Alex sat back and looked at Smitty. “I don’t know about progress, but I do have several questions.”
“Fire away,” Smitty said.
She picked up her pad and surveyed it. “First, was it definitively established that these girls were prostitutes from the area?”
“I don’t know,” Zach answered honestly. He knew a couple of the girls were spotted in the area by witnesses. And when you found a woman with both PID, an inflammation of the cervix caused by multiple sex partners, as well as track marks or drugs in her system, the first thought was pro. “Does that make a difference?”
She shrugged. “I find it interesting that two of his victims were white. That strikes me as interesting, considering that the neighborhood is predominantly black. Even the hookers I’ve seen over there have all been black. So where did the white girls come from?”
He didn’t have an answer for that. The assumption that the girls had been local prostitutes predated his involvement in the case. He’d simply taken it as a given. “What else?”
“Assuming for a moment the facts are right, you’ve got one bold killer on your hands. He hunts the same place he dumps. Even if the local police are only halfway competent they’ve got to figure they’ll increase patrols in the area, making it harder to both troll and to dump. That’s part of his game. He probably thinks he’s very clever to outwit you.”
“Why do you say that?”
“Think about it. You find a middle fingerprint under the seat. From what I’ve read, you didn’t find a single print in any of the cars except those belonging to the owners. He didn’t wipe the cars down, so that meant he must have been wearing gloves. What are the odds he took them off to adjust the seat? H
e was sending the police a giant fuck you.”

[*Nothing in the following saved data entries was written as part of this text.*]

(* Let $B$ be a regular ROBP of length $n$ and width $w$, where $n\ge2$ is a power of $2$, with random walk matrices $\mathbf{M}_i$ and $\mathbf{M}_{\ell..r}$ as in the context. Let $0<\gamma<1/2$ and $\varepsilon^{(i)}=\frac{\gamma^{i+1}}{10(i+1)^2\log(n)}$ for integers $i\ge0$. For every $(\ell,r)\in\mathsf{BS}_n$ let $\mathbf{M}^{(0)}_{\ell..r}$ be an $(\varepsilon^{(0)}/3)$-SV approximation of $\mathbf{M}_{\ell..r}$, and define $\mathbf{M}^{(k)}_{\ell..r}$ by the recursion in the context. Then for every integer $k\ge0$ and every $(\ell,r)\in\mathsf{BS}_n$, $\mathbf{M}^{(k)}_{\ell..r}$ is a $C_t\varepsilon^{(k)}$-SV approximation of $\mathbf{M}_{\ell..r}$, where $t=\log(r-\ell)$ and $C_t=(1+1/\log(n))^t/3$.
   Context: Logarithms are base $2$. A ROBP of length $n$ and width $w$ is given by transition functions $B_i:[w]\times\{0,1\}\to[w]$, $i\in[n]$; it is regular if for every $i$ every $v\in[w]$ has exactly two preimages $(u,b)$ under $B_i$. $\mathbf{M}_i(b)[u,v]=1$ if $B_i(u,b)=v$ and $0$ otherwise; $\mathbf{M}_i=\frac12(\mathbf{M}_i(0)+\mathbf{M}_i(1))$ (doubly stochastic by regularity); $\mathbf{M}_{\ell..r}=\prod_{i=\ell+1}^r\mathbf{M}_i$. $\mathsf{BS}_n=\{(\ell,r):\exists i,k\ge 0,\ \ell=i2^k,\ r=\ell+2^k,\ 0\le\ell<r\le n\}$. Recursion: for $(\ell,r)\in\mathsf{BS}_n$ with $r-\ell=1$ and $k\ge1$, $\mathbf{M}^{(k)}_{\ell..r}=\mathbf{M}_r$; for $r-\ell\ge2$ and $k\ge1$, with $m=(\ell+r)/2$, $\mathbf{M}^{(k)}_{\ell..r}=\sum_{i+j=k}\mathbf{M}^{(i)}_{\ell..m}\mathbf{M}^{(j)}_{m..r}-\sum_{i+j=k-1}\mathbf{M}^{(i)}_{\ell..m}\mathbf{M}^{(j)}_{m..r}$ (sums over integers $i,j\ge0$). For $\mathbf{A}\in\mathbb{R}^{w\times w}$, $y\in\mathbb{R}^w$, let $D(\mathbf{A},y)=\|y\|_2^2-\|\mathbf{A}y\|_2^2$. For a doubly stochastic $\mathbf{W}$, a (not necessarily stochastic) matrix $\widetilde{\mathbf{W}}$ is an $\varepsilon$-SV approximation of $\mathbf{W}$ if for all $x,y\in\mathbb{R}^w$, $|x^\top(\widetilde{\mathbf{W}}-\mathbf{W})y|\le\varepsilon\cdot\frac{D(\mathbf{W}^\top,x)+D(\mathbf{W},y)}{2}$. *)

From HB Require Import structures.
From mathcomp Require Import all_boot all_order all_algebra.
From mathcomp Require Import reals.
Set Implicit Arguments. Unset Strict Implicit. Unset Printing Implicit Defensive.
Import Order.TTheory GRing.Theory Num.Theory.
Local Open Scope ring_scope.

Section ROBP.
Variable R : realType.
Variable w : nat.

Definition regular_robp (n : nat) (B : nat -> 'I_w -> bool -> 'I_w) : Prop :=
  forall i, (1 <= i <= n)%N -> forall v : 'I_w,
    #|[set ub : 'I_w * bool | B i ub.1 ub.2 == v]| = 2%N.

Definition Mb (B : nat -> 'I_w -> bool -> 'I_w) (i : nat) (b : bool) : 'M[R]_w :=
  \matrix_(u, v) (if B i u b == v then 1 else 0).

Definition Mi (B : nat -> 'I_w -> bool -> 'I_w) (i : nat) : 'M[R]_w :=
  2^-1 *: (Mb B i false + Mb B i true).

He hadn’t thought of that. He glanced at Smitty, who gazed back at him with a look that said Didn’t I tell you she was something? He didn’t need Smitty to remind him of that.
She brushed her hair over her shoulder. “This last murder is different in other ways, as well. If you look at the other girls’ body type, they’re all well endowed. This last girl is much thinner. Has her autopsy been done yet?”
“This afternoon. Why?”
“I’m betting the killer knew she wasn’t a pro.”
“Why?”
She dug through the stack of photos until she found the one she wanted, a picture of the girl’s car. She passed it to Smitty “Was this her father’s car?”
“Her mother’s.”
“How many hookers do you know who drive around with MD plates?”

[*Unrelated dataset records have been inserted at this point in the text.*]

(* Ekeland's principle applied to [max(g, 0)] from a point [u] violating the error bound with modulus [m]. *)
Lemma ekeland_descent_point u fu m D : f u = Finite fu -> 0 < p u + fu -> 0 < m ->
  (forall s, Sf g s -> D <= vnorm (vsub s u)) -> p u + fu < m * D ->
  exists v fv c, f v = Finite fv /\ 0 < p v + fv /\ 0 <= c < m /\
    forall w be, f w = Finite be -> fv + p v <= be + p w + c * vnorm (vsub w v).
Proof.
  intros Hu Ha0 Hm HD Hlt. set (a0 := p u + fu) in *.
  assert (HaD : a0 / m < D) by (apply (Rmult_lt_reg_r m); auto; replace (a0 / m * m) with a0 by (field; lra); lra).
  assert (Ham : 0 < a0 / m) by (apply Rdiv_lt_0_compat; auto).
  set (lam := (a0 / m + D) / 2).
  set (c := a0 / lam).
  assert (Hc : 0 < c) by (apply Rdiv_lt_0_compat; unfold lam; lra).
  assert (Hcm : c < m).
  { unfold c. apply (Rmult_lt_reg_r lam); [unfold lam; lra|]. replace (a0 / lam * lam) with a0 by (field; unfold lam; lra).
    apply (Rmult_lt_reg_r (/ m)); [apply Rinv_0_lt_compat; lra|].
    replace (m * lam * / m) with lam by (field; lra). unfold lam. fold (a0 / m). lra. }
  set (phi := fun w => Rbar_pos_part (g w)).
  assert (Hglsc : lsc g) by (apply (lsc_add_lipschitz f p xi); auto).
  assert (Hphiu : phi u = Finite a0) by (unfold phi, g; rewrite Hu; simpl; f_equal; apply Rmax_left; lra).
  destruct (ekeland_variational phi c (lsc_pos_part g Hglsc) (fun w => Rbar_pos_part_nonneg (g w)) Hc u a0 Hphiu)
    as [v [b [Hphiv [Hvu Hek]]]].
  assert (Hb0 : 0 <= b) by (pose proof (Rbar_pos_part_nonneg (g v)) as H; fold (phi v) in H; rewrite Hphiv in H; exact H).
  assert (Hgv : Rbar_lt (Finite 0) (g v)).
  { apply Rbar_not_le_lt. intro Hle. pose proof (HD v Hle).
    assert (c * vnorm (vsub v u) < c * D); [|pose proof (vnorm_nonneg (vsub v u)); nra].
    apply (Rle_lt_trans _ a0); [lra|]. unfold c.
    replace (a0 / lam * D) with (a0 * (D / lam)) by (field; unfold lam; lra).
    rewrite <- (Rmult_1_r a0) at 1. apply Rmult_lt_compat_l; [lra|].
    apply (Rmult_lt_reg_r lam); [unfold lam; lra|]. replace (D / lam * lam) with D by (field; unfold lam; lra).
    unfold lam; lra. }
  destruct (Hglsc v 0 Hgv) as [del [Hdel Hnb]].
  unfold g in Hgv. unfold phi, g in Hphiv.
  destruct (f v) as [fv| |] eqn:Efv; [|discriminate | exfalso; apply (f_not_m_infty v); auto].
  apply Rbar_lt_finite in Hgv. simpl in Hphiv. injection Hphiv as Hb.
  rewrite Rmax_left in Hb by lra. subst b.
  exists v, fv, c. split; [|split; [|split]]; auto; [lra|].
  apply (convex_local_min_global f p v fv c del); auto.
  intros y fy Hy Hyv. specialize (Hnb y Hyv). unfold g in Hnb. rewrite Hy in Hnb.
  apply Rbar_lt_finite in Hnb.
  assert (Hphiy : phi y = Finite (p y + fy)) by (unfold phi, g; rewrite Hy; simpl; f_equal; apply Rmax_left; lra).
  pose proof (Hek y _ Hphiy). lra.
Qed.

Smitty handed him the photo. He’d noticed the plates before, but since it had been assumed the killer had mistaken her for a hooker, the car hadn’t come into it. But if Thorpe or whoever had followed her from the gas station, he would have known. As he understood it, the gas station attendant that night, an eighteen-year-old boy, hadn’t identified Thorpe as being in the station that night. Zach didn’t know if he’d been asked about seeing the station wagon.

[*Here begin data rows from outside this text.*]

(* Let $G$ and $H$ be Left dead-ends. Then $G\geq H$ if and only if $o(G^\circ+H)\leq\mathscr{P}$.
   Context: Games are finite partizan games; $\cong$ is identity of game trees; $o(G)$ is the misère outcome class (ordered $\mathscr{L}>\mathscr{N}>\mathscr{R}$, $\mathscr{L}>\mathscr{P}>\mathscr{R}$, with $\mathscr{N},\mathscr{P}$ incomparable). A universe is a set of games closed under options, disjunctive sums, conjugates, and forming $\{\mathscr{G}^L\mid\mathscr{G}^R\}$ from nonempty finite subsets of it; $G\geq_\mathcal{U}H$ means $o(G+X)\geq o(H+X)$ for all $X\in\mathcal{U}$. A Left dead-end is a game all of whose subpositions have no Left option. For Left dead-ends, $G\geq H$ means $G\geq_\mathcal{U}H$ for every universe $\mathcal{U}$. For a Left dead-end $G$, the adjoint is $G^\circ=*=\{0\mid0\}$ if $G\cong0$ and $G^\circ=\{(G^R)^\circ\mid 0\}$ otherwise, with $G^R$ ranging over the Right options of $G$. *)

From Stdlib Require Import List Bool.
Import ListNotations.

(* A game {G^L | G^R}: lists of Left options and Right options.
   Game-tree identity (≅) is syntactic equality of these trees
   (order/multiplicity of options is irrelevant for everything below). *)
Inductive game : Type := Game : list game -> list game -> game.

Definition leftOpts (G : game) : list game := match G with Game l _ => l end.
Definition rightOpts (G : game) : list game := match G with Game _ r => r end.

Definition zero : game := Game [] [].
Definition star : game := Game [zero] [zero].

(* Disjunctive sum G + H = {G^L+H, G+H^L | G^R+H, G+H^R}. *)
Fixpoint add (G H : game) {struct G} : game :=
  match G with
  | Game gl gr =>
    (fix addH (H : game) : game :=
       match H with
       | Game hl hr =>
         Game (map (fun x => add x H) gl ++ map addH hl)
              (map (fun x => add x H) gr ++ map addH hr)
       end) H
  end.

Fixpoint conjg (G : game) : game :=
  match G with Game l r => Game (map conjg r) (map conjg l) end.

(* Misère play: a player with no move available WINS.
   leftWins G = (Left wins G playing first, Left wins G playing second). *)
Fixpoint leftWins (G : game) : bool * bool :=
  match G with
  | Game l r =>
    (match l with [] => true | _ => existsb (fun x => snd (leftWins x)) l end,
     match r with [] => false | _ => forallb (fun x => fst (leftWins x)) r end)
  end.

(* Misère outcome classes.  (Finite games are determined, so Right wins
   playing first iff Left does not win playing second.) *)
Inductive outcome : Type := oL | oN | oP | oR.

Definition o (G : game) : outcome :=
  match leftWins G with
  | (true, true) => oL
  | (true, false) => oN
  | (false, true) => oP
  | (false, false) => oR
  end.

Definition outcome_le (a b : outcome) : Prop :=
  match a, b with
  | oR, _ => True
  | oN, (oN | oL) => True
  | oP, (oP | oL) => True
  | oL, oL => True
  | _, _ => False
  end.

Definition universe (U : game -> Prop) : Prop :=
  (forall G x, U G -> In x (leftOpts G) -> U x) /\
  (forall G x, U G -> In x (rightOpts G) -> U x) /\
  (forall G H, U G -> U H -> U (add G H)) /\
  (forall G, U G -> U (conjg G)) /\
  (forall A B : list game, A <> [] -> B <> [] ->
     (forall x, In x A -> U x) -> (forall x, In x B -> U x) -> U (Game A B)).

Definition geU (U : game -> Prop) (G H : game) : Prop :=
  forall X, U X -> outcome_le (o (add H X)) (o (add G X)).

Definition ge (G H : game) : Prop :=
  forall U, universe U -> geU U G H.

Inductive subpos : game -> game -> Prop :=
  | subpos_refl G : subpos G G
  | subpos_left G x S : In x (leftOpts G) -> subpos S x -> subpos S G
  | subpos_right G x S : In x (rightOpts G) -> subpos S x -> subpos S G.

Definition left_dead_end (G : game) : Prop :=
  forall S, subpos S G -> leftOpts S = [].

Fixpoint adjoint (G : game) : game :=
  match G with
  | Game [] [] => star
  | Game _ r => Game (map adjoint r) [zero]
  end.

(* For left dead-ends, G >= H is decided by a recursive test: either G = H = 0,
   or G <> 0 and every Right option of G passes the test against some Right
   option of H.  The test implies o(G + X) >= o(H + X) for every X: whenever
   Right moves to G^R + X, Left continues as if Right had moved to the matching
   H^R + X.  The adjoint is designed so that Left, moving first in G° + H, can
   only go to (G^R)° + H, where Right's reply to 0 leaves Left without moves
   (so Left wins) and his replies (G^R)° + H^R are the inductive instances;
   hence Left loses G° + H playing first exactly when the test holds.  As the
   test holds for (G, G), Left loses G° + G playing first, and G >= H transfers
   this loss to G° + H. *)

From Stdlib Require Import List Lia Classical Wf_nat Bool.
Import ListNotations.

Fixpoint size (G : game) : nat :=
  match G with Game l r => S (list_sum (map size l) + list_sum (map size r)) end.

Lemma size_In x l : In x l -> size x <= list_sum (map size l).
Proof.
  induction l as [|y l IHl]; simpl; [tauto|].
  intros [->|Hx]; [lia|]. specialize (IHl Hx); lia.
Qed.

Lemma size_leftOpt G x : In x (leftOpts G) -> size x < size G.
Proof. destruct G as [l r]; simpl; intros Hx; apply size_In in Hx; lia. Qed.

Lemma size_rightOpt G x : In x (rightOpts G) -> size x < size G.
Proof. destruct G as [l r]; simpl; intros Hx; apply size_In in Hx; lia. Qed.

Lemma size_ind (P : game -> Prop) :
  (forall G, (forall x, size x < size G -> P x) -> P G) -> forall G, P G.
Proof.
  intros IH. apply (well_founded_induction (well_founded_ltof game size)), IH.
Qed.

Lemma size2_ind (P : game -> game -> Prop) :
  (forall A B, (forall A' B', size A' + size B' < size A + size B -> P A' B') ->
     P A B) ->
  forall A B, P A B.
Proof.
  intros IH A B.
  change ((fun p : game * game => P (fst p) (snd p)) (A, B)).
  apply (well_founded_induction
           (well_founded_ltof _ (fun p : game * game => size (fst p) + size (snd p)))).
  intros [a b] IHp. apply IH. intros A' B' Hlt. apply (IHp (A', B')).
  unfold ltof; simpl in *; lia.
Qed.

Lemma leftOpts_add G H :
  leftOpts (add G H) = map (fun x => add x H) (leftOpts G) ++ map (add G) (leftOpts H).
Proof. destruct G, H; reflexivity. Qed.

Lemma rightOpts_add G H :
  rightOpts (add G H) = map (fun x => add x H) (rightOpts G) ++ map (add G) (rightOpts H).
Proof. destruct G, H; reflexivity. Qed.

Definition leftFirst (G : game) : bool := fst (leftWins G).
Definition leftSecond (G : game) : bool := snd (leftWins G).

Lemma leftFirstP G :
  leftFirst G = true <->
  leftOpts G = [] \/ exists x, In x (leftOpts G) /\ leftSecond x = true.
Proof.
  destruct G as [[|y l] r]; unfold leftFirst, leftSecond;
    cbn [leftWins leftOpts fst]; [tauto|].
  rewrite existsb_exists. split; [now right|]. intros [E|Hx]; [discriminate|exact Hx].
Qed.

Lemma leftSecondP G :
  leftSecond G = true <->
  rightOpts G <> [] /\ forall x, In x (rightOpts G) -> leftFirst x = true.
Proof.
  destruct G as [l [|y r]]; unfold leftFirst, leftSecond;
    cbn [leftWins rightOpts snd].
  - split; [discriminate|]. now intros [Hne _].
  - rewrite forallb_forall. split; [now split|]. now intros [_ Hr].
Qed.

Lemma leftFirst_add A B :
  leftFirst (add A B) = true <->
  (leftOpts A = [] /\ leftOpts B = []) \/
  (exists a, In a (leftOpts A) /\ leftSecond (add a B) = true) \/
  (exists b, In b (leftOpts B) /\ leftSecond (add A b) = true).
Proof.
  rewrite leftFirstP, leftOpts_add. split.
  - intros [E|[x [Hx Hw]]].
    + apply app_eq_nil in E as [EA EB]. apply map_eq_nil in EA, EB. now left.
    + apply in_app_iff in Hx as [Hx|Hx]; apply in_map_iff in Hx as [y [<- Hy]];
        right; [left|right]; eauto.
  - intros [[EA EB]|[[a [Ha Hw]]|[b [Hb Hw]]]].
    + left. now rewrite EA, EB.
    + right. exists (add a B). split; [|exact Hw].
      apply in_app_iff. left. now apply (in_map (fun x => add x B)).
    + right. exists (add A b). split; [|exact Hw].
      apply in_app_iff. right. now apply in_map.
Qed.

Lemma leftSecond_add A B :
  leftSecond (add A B) = true <->
  (rightOpts A <> [] \/ rightOpts B <> []) /\
  (forall a, In a (rightOpts A) -> leftFirst (add a B) = true) /\
  (forall b, In b (rightOpts B) -> leftFirst (add A b) = true).
Proof.
  rewrite leftSecondP, rightOpts_add. split.
  - intros [Hne Hr]. split; [|split].
    + destruct (rightOpts A); [|left; discriminate].
      destruct (rightOpts B); [contradiction|right; discriminate].
    + intros a Ha. apply Hr, in_app_iff. left. apply in_map_iff. eauto.
    + intros b Hb. apply Hr, in_app_iff. right. apply in_map_iff. eauto.
  - intros [Hne [HA HB]]. split.
    + intros E. apply app_eq_nil in E as [EA EB]. apply map_eq_nil in EA, EB. tauto.
    + intros x Hx. apply in_app_iff in Hx as [Hx|Hx];
        apply in_map_iff in Hx as [y [<- Hy]]; auto.
Qed.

One thing he did know was that there’d been far more assumption than police work so far in this investigation.
Zack asked the next logical question. “So if she knew she wasn’t a hooker, why did he pick her up?”
“This guy’s a joker. What fun is there playing a game if you’re the only one who knows you’re playing? The police weren’t paying him any attention so he decided to up the ante. Even if she was merely a doctor’s daughter, her death was sure to draw more attention than a hooker’s.”
Zach sighed. Well, he had the answer to his question of whether the killer would shun the limelight or enjoy it. If Alex was right, he’d sought it out. That brought Alex to another question: Now that the killer had their attention, what did he plan to do with it?